**TASK**: Using the listing below, print exactly everything from the line with "rewrite !big_split /= sumr_const" down to the line with "is usable, and", both included, and nothing more.

:::::

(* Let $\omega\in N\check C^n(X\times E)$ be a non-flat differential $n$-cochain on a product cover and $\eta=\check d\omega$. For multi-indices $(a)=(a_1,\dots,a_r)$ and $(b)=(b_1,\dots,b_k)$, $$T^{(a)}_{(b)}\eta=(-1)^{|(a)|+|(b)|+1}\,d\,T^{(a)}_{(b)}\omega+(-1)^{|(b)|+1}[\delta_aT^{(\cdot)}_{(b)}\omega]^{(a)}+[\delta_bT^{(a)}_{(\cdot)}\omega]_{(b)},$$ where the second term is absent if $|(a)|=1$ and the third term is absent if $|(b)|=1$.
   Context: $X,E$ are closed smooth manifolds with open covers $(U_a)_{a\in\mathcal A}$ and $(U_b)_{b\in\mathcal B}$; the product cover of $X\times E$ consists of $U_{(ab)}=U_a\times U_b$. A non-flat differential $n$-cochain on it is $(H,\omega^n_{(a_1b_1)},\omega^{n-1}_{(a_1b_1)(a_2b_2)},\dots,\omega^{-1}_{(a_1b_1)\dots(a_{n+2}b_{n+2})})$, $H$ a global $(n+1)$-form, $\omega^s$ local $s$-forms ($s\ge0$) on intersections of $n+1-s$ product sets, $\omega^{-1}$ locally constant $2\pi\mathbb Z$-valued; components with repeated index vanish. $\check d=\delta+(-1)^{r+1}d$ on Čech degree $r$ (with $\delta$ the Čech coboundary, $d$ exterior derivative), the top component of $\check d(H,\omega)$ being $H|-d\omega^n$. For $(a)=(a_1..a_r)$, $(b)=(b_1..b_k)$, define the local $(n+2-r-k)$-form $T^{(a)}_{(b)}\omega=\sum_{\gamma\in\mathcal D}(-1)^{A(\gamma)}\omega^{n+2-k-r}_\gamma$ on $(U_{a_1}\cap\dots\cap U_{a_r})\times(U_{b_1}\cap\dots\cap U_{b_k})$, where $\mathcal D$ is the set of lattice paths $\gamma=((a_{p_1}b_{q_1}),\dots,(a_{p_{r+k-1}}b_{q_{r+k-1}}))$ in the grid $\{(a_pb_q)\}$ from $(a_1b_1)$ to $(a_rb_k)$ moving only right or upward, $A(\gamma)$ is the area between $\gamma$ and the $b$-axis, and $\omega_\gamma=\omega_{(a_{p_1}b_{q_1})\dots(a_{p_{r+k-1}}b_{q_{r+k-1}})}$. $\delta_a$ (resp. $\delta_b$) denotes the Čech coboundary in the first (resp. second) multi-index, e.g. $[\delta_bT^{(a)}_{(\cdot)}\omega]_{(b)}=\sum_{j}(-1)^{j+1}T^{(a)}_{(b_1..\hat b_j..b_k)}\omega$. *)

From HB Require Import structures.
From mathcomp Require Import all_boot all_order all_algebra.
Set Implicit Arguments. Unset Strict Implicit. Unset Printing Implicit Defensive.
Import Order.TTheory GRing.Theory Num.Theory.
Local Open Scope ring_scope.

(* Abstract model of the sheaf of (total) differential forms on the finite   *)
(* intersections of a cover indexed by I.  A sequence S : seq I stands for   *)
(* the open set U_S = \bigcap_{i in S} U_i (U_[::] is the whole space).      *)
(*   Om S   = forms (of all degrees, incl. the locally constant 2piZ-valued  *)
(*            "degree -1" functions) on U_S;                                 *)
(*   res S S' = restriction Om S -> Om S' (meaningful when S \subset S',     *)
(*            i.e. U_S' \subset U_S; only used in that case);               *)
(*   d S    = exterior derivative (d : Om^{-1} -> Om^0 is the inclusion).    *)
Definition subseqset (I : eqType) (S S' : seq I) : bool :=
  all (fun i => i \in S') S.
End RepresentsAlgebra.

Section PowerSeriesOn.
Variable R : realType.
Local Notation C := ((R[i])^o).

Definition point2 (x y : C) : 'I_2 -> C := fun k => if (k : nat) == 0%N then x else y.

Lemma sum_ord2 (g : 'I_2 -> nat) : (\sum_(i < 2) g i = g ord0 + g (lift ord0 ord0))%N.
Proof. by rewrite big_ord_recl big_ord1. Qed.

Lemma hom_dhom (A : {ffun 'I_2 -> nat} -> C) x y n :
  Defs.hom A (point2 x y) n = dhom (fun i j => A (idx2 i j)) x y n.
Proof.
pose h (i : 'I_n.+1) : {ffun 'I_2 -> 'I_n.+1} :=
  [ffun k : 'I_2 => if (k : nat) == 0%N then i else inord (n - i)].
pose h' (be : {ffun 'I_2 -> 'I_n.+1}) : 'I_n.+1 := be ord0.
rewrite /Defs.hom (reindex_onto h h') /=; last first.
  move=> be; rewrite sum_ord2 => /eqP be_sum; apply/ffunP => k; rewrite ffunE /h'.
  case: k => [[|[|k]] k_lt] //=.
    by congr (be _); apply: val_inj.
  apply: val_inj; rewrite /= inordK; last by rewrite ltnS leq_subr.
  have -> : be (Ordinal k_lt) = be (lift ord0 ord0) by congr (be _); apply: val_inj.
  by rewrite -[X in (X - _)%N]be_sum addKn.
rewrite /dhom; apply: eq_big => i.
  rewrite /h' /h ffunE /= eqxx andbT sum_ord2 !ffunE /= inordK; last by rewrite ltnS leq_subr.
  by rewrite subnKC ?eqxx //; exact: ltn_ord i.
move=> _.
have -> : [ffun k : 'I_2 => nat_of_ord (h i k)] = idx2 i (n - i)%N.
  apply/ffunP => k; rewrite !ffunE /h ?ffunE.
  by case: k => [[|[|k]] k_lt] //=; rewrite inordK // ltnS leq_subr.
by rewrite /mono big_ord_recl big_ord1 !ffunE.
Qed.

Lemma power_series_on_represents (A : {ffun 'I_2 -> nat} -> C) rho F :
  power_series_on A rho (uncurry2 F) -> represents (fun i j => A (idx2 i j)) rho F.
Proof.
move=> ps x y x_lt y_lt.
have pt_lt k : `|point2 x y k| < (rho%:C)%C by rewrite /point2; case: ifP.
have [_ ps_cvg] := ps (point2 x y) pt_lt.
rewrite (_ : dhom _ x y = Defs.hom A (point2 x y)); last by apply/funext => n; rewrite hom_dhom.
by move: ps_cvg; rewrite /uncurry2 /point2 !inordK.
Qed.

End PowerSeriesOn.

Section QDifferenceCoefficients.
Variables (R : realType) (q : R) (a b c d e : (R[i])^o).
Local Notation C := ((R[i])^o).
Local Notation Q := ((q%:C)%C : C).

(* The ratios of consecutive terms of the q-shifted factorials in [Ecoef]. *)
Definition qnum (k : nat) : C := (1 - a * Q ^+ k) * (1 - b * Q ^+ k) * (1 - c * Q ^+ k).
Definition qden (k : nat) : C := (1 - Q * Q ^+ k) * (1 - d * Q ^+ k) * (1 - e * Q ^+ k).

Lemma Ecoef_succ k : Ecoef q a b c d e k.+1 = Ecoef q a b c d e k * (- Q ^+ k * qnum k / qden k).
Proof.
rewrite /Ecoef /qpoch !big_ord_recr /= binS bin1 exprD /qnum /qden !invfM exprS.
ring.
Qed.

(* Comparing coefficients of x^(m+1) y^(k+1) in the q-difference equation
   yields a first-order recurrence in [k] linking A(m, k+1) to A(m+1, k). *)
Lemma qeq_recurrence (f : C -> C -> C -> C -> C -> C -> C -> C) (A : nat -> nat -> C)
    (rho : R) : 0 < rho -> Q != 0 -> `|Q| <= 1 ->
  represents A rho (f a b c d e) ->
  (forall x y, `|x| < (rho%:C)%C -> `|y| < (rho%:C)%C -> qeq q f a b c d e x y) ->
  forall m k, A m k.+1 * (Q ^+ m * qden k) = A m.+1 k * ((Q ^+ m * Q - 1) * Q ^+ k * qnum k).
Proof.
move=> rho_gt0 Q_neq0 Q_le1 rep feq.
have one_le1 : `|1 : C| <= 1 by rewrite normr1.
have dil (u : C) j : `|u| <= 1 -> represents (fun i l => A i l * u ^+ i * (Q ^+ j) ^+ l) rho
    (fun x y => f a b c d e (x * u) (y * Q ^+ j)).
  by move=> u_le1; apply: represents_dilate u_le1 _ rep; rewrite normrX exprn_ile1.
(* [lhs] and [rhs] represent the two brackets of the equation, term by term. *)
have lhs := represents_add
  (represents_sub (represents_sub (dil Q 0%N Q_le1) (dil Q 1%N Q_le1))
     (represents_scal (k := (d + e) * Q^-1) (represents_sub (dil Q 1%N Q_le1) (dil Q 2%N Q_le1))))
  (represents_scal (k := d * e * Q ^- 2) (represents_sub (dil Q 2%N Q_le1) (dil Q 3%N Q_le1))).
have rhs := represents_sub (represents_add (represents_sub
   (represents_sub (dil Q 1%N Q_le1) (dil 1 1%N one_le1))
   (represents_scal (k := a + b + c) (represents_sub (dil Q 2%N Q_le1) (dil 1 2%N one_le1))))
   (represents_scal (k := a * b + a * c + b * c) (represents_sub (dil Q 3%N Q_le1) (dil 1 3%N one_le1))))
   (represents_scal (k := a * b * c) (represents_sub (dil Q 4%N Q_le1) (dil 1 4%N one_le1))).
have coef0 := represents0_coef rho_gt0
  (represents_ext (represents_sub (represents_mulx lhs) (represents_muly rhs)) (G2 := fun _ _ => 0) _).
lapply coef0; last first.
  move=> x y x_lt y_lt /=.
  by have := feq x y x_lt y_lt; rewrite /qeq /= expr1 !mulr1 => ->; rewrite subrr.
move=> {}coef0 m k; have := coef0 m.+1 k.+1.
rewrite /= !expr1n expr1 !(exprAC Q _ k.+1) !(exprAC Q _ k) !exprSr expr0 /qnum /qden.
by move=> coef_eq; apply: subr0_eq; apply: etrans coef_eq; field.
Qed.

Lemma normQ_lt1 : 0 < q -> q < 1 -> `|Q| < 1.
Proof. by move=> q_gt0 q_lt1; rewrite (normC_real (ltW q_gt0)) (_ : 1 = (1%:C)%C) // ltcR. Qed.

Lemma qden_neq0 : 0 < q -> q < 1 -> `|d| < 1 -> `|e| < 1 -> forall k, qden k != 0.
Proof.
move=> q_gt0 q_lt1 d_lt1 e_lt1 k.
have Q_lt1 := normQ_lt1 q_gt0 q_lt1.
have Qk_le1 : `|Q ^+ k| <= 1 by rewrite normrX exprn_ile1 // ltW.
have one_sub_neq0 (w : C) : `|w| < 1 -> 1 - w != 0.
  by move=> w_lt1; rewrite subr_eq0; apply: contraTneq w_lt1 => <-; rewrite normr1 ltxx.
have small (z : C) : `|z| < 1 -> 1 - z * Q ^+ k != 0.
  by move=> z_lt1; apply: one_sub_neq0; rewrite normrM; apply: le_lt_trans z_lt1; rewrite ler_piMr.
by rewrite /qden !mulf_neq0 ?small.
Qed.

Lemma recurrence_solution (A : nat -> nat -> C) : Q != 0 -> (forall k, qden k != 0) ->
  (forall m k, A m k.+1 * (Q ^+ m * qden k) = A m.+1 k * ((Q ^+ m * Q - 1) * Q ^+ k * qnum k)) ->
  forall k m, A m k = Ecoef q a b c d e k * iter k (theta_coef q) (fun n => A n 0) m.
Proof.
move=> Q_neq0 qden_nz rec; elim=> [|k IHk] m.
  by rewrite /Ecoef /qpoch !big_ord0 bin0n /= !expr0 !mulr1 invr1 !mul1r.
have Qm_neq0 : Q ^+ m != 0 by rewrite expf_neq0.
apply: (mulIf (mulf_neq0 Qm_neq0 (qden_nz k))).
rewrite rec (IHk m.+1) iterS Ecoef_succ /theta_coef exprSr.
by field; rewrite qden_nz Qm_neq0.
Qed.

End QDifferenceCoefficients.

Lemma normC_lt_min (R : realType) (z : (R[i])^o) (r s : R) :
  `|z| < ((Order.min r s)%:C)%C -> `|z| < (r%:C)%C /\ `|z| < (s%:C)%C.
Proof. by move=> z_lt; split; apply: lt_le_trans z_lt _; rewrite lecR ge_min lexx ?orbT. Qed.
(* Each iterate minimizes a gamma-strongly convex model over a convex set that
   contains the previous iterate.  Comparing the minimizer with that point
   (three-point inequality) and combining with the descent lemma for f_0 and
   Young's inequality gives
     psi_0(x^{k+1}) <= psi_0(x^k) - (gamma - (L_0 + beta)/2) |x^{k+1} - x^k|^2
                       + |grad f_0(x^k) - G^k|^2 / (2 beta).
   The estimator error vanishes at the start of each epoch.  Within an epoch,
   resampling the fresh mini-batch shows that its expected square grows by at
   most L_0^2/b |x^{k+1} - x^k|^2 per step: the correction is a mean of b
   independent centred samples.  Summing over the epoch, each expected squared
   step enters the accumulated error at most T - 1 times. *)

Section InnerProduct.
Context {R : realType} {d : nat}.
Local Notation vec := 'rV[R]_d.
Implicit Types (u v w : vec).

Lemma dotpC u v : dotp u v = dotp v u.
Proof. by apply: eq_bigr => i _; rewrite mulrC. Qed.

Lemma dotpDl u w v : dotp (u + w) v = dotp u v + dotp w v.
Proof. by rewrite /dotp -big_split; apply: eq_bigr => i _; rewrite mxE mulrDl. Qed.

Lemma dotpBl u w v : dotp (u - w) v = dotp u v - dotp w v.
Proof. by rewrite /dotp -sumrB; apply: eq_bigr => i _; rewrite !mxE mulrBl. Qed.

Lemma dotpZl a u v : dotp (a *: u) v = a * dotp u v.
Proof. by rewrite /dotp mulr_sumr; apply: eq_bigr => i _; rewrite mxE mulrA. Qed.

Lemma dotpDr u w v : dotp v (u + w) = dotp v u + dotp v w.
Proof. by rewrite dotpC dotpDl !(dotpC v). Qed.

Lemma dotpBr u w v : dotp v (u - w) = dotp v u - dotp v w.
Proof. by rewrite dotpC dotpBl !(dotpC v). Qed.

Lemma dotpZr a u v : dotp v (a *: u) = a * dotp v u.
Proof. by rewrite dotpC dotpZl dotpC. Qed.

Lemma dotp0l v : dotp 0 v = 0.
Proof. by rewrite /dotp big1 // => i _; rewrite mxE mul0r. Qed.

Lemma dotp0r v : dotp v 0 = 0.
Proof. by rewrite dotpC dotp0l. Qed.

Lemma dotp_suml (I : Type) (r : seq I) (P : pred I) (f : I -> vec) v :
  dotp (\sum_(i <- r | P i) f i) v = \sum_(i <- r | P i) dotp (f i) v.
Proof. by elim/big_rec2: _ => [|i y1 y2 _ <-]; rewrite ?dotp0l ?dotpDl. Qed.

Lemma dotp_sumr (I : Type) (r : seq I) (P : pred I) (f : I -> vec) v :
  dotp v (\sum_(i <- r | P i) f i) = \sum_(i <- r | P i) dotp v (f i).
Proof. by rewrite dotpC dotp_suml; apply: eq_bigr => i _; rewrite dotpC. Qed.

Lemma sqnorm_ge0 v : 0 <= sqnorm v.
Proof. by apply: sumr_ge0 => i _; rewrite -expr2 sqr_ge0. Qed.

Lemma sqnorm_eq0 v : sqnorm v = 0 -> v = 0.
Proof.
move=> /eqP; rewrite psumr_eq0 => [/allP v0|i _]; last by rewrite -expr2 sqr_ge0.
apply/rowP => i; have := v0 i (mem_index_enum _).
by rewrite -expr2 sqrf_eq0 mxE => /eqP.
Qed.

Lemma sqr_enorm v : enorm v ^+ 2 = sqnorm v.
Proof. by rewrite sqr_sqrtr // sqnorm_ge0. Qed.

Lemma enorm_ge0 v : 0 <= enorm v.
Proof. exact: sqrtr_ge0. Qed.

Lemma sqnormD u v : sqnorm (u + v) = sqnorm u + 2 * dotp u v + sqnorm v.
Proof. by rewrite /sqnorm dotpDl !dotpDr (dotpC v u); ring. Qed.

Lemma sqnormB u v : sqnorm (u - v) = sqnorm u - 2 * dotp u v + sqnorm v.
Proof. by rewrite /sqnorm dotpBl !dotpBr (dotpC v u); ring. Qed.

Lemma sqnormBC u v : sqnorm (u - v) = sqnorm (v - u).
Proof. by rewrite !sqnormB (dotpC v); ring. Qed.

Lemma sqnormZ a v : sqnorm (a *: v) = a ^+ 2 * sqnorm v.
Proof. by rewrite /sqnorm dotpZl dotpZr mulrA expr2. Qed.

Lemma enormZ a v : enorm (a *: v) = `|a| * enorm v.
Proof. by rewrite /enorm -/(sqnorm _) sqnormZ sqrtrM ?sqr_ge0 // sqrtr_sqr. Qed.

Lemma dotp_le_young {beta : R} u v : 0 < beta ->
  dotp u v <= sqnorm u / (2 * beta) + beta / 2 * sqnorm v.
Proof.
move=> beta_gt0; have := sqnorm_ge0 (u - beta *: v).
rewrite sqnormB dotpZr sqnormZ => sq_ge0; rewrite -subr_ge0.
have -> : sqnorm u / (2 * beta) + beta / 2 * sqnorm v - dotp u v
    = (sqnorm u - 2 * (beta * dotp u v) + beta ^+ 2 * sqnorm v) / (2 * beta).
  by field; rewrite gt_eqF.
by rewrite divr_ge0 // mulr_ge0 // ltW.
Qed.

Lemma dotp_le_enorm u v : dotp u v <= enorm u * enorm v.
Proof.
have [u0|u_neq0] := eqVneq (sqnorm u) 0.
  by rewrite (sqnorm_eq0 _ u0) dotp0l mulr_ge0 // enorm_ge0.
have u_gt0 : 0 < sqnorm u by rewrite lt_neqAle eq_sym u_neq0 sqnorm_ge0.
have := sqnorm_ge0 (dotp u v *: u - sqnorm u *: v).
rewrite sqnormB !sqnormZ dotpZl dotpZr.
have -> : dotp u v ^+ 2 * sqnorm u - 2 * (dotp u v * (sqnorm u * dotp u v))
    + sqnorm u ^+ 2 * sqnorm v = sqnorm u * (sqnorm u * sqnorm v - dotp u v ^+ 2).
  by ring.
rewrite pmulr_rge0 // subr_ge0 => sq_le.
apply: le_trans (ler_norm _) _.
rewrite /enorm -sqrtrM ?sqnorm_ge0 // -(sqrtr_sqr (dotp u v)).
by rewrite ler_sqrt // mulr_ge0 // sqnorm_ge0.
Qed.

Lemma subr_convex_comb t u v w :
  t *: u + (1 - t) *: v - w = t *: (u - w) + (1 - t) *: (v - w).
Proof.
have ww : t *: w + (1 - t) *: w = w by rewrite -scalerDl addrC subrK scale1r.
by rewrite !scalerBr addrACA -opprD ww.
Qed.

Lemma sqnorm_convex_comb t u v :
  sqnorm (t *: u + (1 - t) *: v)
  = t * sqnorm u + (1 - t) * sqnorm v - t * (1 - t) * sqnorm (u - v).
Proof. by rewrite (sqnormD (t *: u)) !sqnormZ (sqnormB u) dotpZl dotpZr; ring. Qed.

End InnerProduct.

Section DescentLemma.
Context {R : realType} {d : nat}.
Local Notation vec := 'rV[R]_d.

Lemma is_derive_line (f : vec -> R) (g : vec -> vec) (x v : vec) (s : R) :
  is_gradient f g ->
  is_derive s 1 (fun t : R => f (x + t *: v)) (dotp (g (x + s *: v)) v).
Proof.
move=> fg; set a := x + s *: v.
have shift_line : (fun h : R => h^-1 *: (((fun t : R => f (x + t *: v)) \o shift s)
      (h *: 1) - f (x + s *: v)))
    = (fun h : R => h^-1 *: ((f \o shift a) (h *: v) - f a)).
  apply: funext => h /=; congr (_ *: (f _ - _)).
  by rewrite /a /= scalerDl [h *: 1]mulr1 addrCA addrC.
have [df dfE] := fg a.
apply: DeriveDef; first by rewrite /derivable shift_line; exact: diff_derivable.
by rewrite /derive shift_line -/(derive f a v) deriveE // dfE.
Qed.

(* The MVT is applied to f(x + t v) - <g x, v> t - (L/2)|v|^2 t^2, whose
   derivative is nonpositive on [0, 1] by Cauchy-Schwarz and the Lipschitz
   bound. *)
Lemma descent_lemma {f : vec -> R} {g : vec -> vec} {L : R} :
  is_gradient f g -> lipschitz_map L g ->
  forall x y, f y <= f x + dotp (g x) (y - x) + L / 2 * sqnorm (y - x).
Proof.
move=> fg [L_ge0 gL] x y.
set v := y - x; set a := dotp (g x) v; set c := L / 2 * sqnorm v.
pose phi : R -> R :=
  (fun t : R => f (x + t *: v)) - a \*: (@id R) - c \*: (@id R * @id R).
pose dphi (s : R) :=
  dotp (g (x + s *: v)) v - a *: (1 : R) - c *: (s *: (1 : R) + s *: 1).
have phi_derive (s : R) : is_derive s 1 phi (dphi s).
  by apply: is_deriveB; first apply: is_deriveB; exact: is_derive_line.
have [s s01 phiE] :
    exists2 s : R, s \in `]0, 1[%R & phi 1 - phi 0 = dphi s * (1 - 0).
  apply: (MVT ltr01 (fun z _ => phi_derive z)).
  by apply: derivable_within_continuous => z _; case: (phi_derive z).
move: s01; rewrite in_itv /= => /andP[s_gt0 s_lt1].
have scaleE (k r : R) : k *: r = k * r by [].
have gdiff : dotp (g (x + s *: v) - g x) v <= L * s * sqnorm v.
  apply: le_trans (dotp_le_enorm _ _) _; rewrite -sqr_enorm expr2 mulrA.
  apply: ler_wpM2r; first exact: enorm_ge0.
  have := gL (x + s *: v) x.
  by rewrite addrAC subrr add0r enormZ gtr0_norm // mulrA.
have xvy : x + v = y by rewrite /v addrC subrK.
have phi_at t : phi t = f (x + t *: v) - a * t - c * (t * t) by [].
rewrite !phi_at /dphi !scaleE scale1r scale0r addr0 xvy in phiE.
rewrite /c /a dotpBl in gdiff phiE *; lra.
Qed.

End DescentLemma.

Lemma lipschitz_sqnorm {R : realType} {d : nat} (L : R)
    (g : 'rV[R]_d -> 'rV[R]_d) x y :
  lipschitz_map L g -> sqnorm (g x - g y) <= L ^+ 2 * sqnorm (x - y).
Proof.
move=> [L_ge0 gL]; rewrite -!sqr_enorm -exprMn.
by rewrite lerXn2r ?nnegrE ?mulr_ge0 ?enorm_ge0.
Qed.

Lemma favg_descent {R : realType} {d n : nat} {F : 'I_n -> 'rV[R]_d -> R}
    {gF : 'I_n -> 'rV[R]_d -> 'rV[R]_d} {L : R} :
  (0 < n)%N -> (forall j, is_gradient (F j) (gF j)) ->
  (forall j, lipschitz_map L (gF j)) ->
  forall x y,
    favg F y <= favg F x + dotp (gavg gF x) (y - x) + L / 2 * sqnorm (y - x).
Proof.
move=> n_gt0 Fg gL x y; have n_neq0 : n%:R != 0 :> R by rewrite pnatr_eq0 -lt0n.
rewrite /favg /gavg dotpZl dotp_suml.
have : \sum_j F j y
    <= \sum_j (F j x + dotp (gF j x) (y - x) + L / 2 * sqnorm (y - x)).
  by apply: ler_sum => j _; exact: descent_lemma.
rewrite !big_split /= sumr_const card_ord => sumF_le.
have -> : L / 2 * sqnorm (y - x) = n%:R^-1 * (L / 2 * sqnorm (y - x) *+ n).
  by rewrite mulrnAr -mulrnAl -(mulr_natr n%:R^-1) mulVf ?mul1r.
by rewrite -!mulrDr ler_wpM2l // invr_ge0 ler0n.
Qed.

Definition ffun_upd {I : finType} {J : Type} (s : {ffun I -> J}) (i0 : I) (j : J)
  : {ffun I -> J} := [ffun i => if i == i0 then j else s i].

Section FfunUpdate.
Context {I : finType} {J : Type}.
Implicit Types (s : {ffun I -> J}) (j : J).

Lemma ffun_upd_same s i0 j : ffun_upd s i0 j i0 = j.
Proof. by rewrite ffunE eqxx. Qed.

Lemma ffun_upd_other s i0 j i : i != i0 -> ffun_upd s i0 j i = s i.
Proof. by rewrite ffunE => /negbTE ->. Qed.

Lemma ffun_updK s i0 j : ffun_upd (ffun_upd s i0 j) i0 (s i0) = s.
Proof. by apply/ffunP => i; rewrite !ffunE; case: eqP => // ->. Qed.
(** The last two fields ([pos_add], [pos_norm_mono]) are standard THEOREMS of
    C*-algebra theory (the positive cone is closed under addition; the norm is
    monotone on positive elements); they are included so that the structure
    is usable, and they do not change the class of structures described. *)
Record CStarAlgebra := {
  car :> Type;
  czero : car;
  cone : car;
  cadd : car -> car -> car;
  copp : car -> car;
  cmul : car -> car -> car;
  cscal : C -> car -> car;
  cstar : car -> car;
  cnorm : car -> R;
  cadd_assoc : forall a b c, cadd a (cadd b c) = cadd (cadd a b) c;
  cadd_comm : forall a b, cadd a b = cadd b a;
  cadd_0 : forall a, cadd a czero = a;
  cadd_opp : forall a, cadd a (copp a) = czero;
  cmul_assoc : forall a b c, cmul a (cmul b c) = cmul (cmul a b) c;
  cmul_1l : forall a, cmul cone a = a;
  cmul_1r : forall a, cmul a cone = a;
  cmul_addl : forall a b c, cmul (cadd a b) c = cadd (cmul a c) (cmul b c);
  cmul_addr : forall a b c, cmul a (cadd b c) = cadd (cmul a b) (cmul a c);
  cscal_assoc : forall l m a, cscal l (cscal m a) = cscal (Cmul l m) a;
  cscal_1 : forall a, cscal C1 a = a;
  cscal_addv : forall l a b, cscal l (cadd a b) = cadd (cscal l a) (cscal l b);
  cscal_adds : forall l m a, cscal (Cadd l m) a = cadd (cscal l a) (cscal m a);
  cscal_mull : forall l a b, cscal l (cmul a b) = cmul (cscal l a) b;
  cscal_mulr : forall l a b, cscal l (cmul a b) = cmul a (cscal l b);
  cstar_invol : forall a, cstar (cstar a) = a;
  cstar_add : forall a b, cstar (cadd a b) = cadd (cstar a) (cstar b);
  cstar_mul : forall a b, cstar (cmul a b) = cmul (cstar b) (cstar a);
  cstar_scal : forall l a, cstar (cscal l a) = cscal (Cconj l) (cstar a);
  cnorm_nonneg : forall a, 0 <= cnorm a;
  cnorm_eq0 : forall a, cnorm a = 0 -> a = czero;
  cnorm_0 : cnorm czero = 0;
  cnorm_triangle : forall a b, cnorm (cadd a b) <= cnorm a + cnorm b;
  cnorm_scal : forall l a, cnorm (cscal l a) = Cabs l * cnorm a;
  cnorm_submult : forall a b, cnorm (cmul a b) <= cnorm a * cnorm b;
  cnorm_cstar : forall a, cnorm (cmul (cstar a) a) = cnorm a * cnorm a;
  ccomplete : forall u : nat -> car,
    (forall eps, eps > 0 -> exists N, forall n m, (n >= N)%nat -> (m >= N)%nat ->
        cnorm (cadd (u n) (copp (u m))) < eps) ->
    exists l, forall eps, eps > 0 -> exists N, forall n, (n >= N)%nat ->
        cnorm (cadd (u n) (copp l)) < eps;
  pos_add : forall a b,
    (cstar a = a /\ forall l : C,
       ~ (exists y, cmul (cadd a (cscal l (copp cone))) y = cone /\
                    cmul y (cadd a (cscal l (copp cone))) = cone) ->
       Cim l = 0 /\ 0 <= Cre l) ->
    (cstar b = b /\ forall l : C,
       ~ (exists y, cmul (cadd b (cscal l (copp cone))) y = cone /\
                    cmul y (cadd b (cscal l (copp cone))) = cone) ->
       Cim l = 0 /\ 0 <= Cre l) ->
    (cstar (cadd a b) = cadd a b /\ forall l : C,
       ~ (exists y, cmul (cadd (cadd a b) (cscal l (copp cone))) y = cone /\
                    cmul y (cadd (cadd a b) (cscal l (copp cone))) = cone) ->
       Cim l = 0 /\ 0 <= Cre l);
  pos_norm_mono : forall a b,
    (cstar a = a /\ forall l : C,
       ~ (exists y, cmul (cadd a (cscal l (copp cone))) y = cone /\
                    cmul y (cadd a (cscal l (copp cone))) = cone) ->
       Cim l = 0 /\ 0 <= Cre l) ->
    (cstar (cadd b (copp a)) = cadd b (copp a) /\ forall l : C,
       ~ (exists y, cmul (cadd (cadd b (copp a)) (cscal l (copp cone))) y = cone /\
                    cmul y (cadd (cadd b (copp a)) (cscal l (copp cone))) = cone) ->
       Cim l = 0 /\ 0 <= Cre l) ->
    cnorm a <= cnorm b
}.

:::::

**EXERCISE ANSWER**:
rewrite !big_split /= sumr_const card_ord => sumF_le.
have -> : L / 2 * sqnorm (y - x) = n%:R^-1 * (L / 2 * sqnorm (y - x) *+ n).
  by rewrite mulrnAr -mulrnAl -(mulr_natr n%:R^-1) mulVf ?mul1r.
by rewrite -!mulrDr ler_wpM2l // invr_ge0 ler0n.
Qed.

Definition ffun_upd {I : finType} {J : Type} (s : {ffun I -> J}) (i0 : I) (j : J)
  : {ffun I -> J} := [ffun i => if i == i0 then j else s i].

Section FfunUpdate.
Context {I : finType} {J : Type}.
Implicit Types (s : {ffun I -> J}) (j : J).

Lemma ffun_upd_same s i0 j : ffun_upd s i0 j i0 = j.
Proof. by rewrite ffunE eqxx. Qed.

Lemma ffun_upd_other s i0 j i : i != i0 -> ffun_upd s i0 j i = s i.
Proof. by rewrite ffunE => /negbTE ->. Qed.

Lemma ffun_updK s i0 j : ffun_upd (ffun_upd s i0 j) i0 (s i0) = s.
Proof. by apply/ffunP => i; rewrite !ffunE; case: eqP => // ->. Qed.
(** The last two fields ([pos_add], [pos_norm_mono]) are standard THEOREMS of
    C*-algebra theory (the positive cone is closed under addition; the norm is
    monotone on positive elements); they are included so that the structure
    is usable, and they do not change the class of structures described. *)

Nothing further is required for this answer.